– Mantenía muchas cosas en secreto -dijo Christine-. Pero yo sé dónde las guardaba. En un pequeño armario dentro de su cabina del yacimiento. -Ella se inclinó hacia delante, como si confesara algo-: Rob, tenemos que entrar allí y robarlas.
El vuelo a la isla de Man a través del mar de Irlanda fue movido pero corto. En el aeropuerto de Ronaldsway, Forrester y Boijer fueron recibidos en la sala de llegadas por el subcomisario de la policía y un sargento uniformado. Forrester sonrió y les estrechó la mano. Los cuatro agentes hicieron las presentaciones. El subcomisario se llamaba Hayden.
Salieron al aparcamiento. Forrester y Boijer se miraron y compartieron una breve y cómplice mirada ante la visión del extraño casco blanco del sargento de Man. Muy diferente a los de la isla principal.
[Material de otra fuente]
Section AffineFunctions.
Variables (R : realType) (E : tvsType R) (D : set E).

Lemma is_aff_cst c : is_aff D (fun _ => c).
Proof. by split; [move=> x; exact: cvg_cst | move=> *; ring]. Qed.

Lemma is_aff_lincomb (f g : E -> R) al be : is_aff D f -> is_aff D g ->
  is_aff D (fun x => al * f x + be * g x).
Proof.
move=> [cf af] [cg ag]; split.
  move=> x; apply: cvgD; apply: cvgM;
  [exact: cvg_cst | exact: cf | exact: cvg_cst | exact: cg].
by move=> x y t Dx Dy t01; rewrite af // ag //; ring.
Qed.

Lemma compact_setI_ge (K : set E) (f : E -> R) (c : R) :
  K `<=` D -> compact K -> {within D, continuous f} ->
  compact (K `&` [set x | c <= f x]).
Proof.
move=> KD cK cf.
have cKD : compact (K `&` D : set (subspace D)).
  by apply/compact_subspaceIP; rewrite setIidl.
have cl : closed ([set x | c <= f x] : set (subspace D)).
  apply: (@preimage_closed (subspace D) R f [set y | c <= y]);
    last exact: closed_ge.
  by move=> x _; apply: cf.
have := compact_closedI cKD cl.
rewrite setIAC => /compact_subspaceIP.
by rewrite setIidl // => x [] /KD.
Qed.

Lemma convex_setI_ge0 (K : set E) (f : E -> R) :
  K `<=` D -> Defs.convex_set K -> is_aff D f ->
  Defs.convex_set (K `&` [set x | 0 <= f x]).
Proof.
move=> KD vK [_ af] x y t [Kx fx] [Ky fy] t01; split; first exact: vK.
rewrite /= (af _ _ _ (KD _ Kx) (KD _ Ky) t01); case/andP: t01 => t0 t1.
by rewrite addr_ge0 // mulr_ge0 // subr_ge0.
Qed.

Section Separation.
Variables (K : set E) (a b : E -> R).
Hypotheses (KD : K `<=` D) (cK : compact K) (vK : Defs.convex_set K)
  (fa : is_aff D a) (fb : is_aff D b)
  (ab_disj : forall x, K x -> 0 <= a x -> b x < 0).
(* Consider the semi-distributed gossip network described in the context, with $n$ nodes, source self-update rate $\lambda_e>0$, source-to-network update rate $\lambda>0$, and total gossip capacity $B=n\lambda$. Then, with $\lambda_e$ and $\lambda$ fixed, the steady-state mean version age $a_i=\lim_{t\to\infty}\mathbb{E}[\Delta_i(t)]$ of any node $i$ scales as $O(1)$ as $n\to\infty$.
   Context: A source (node $0$) and nodes $\mathcal{N}=\{1,\dots,n\}$ form a fully connected network. The source generates new versions of its information according to a Poisson process of rate $\lambda_e$; $N_s(t)$ denotes the source's version at time $t$ and $N_i(t)$ the version held by node $i$. The source sends its current version to each node $i$ according to an independent Poisson process of rate $\lambda/n$ (total rate $\lambda$). The version age of node $i$ is $\Delta_i(t)=N_s(t)-N_i(t)$: a source self-update increases every $\Delta_i$ by $1$; a source-to-node-$i$ update sets $\Delta_i$ to $0$; when node $j$ gossips to node $i$, node $i$'s age becomes $\min\{\Delta_j(t),\Delta_i(t)\}$. A node gossiping at total rate $B$ sends gossip updates to each of its $n-1$ neighbors according to a Poisson process of rate $B/(n-1)$. Semi-distributed scheme: whenever a node receives an update from the source, it sends a pilot signal to all other nodes and starts gossiping with total rate $B$; a gossiping node stops gossiping as soon as it receives a pilot signal from another node. Thus at any time (at most) one node gossips, namely the one most recently updated by the source. The steady-state mean age is $a_i=\lim_{t\to\infty}\mathbb{E}[\Delta_i(t)]$. *)

From HB Require Import structures.
From mathcomp Require Import all_boot all_order all_algebra.
From mathcomp Require Import all_classical all_reals all_analysis.
Set Implicit Arguments. Unset Strict Implicit. Unset Printing Implicit Defensive.
Import Order.TTheory GRing.Theory Num.Theory.
Import numFieldNormedType.Exports.
Local Open Scope ring_scope.

(* Event types (one finite type):
     None           : the source generates a new version (rate lam_e);
     Some (inl j)   : the source sends its version to node j (rate lam/n);
     Some (inr k)   : the currently gossiping node (if any) sends a gossip
                      update to node k (rate B/(n-1) for each k).  If k is the
                      gossiping node itself, or if no node gossips yet, the
                      event has no effect (a phantom event; this only adds
                      self-loops and does not change the law of the process,
                      since each of the n-1 real neighbours still receives
                      gossip at rate B/(n-1)). *)
Definition event (n : nat) := option ('I_n + 'I_n)%type.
Forrester ya conocía el estatus especial de la isla de Man. Como colonia de la corona, con su propio parlamento, su propia bandera, un legado de antiguas tradiciones vikingas y su propio cuerpo de policía, Man no formaba parte oficialmente del Reino Unido. Habían abolido el castigo de los azotes tan sólo unos años antes. El agente especial de inteligencia de Forrester le había informado al detalle en Londres sobre los protocolos poco usuales que implicaba la visita a la isla.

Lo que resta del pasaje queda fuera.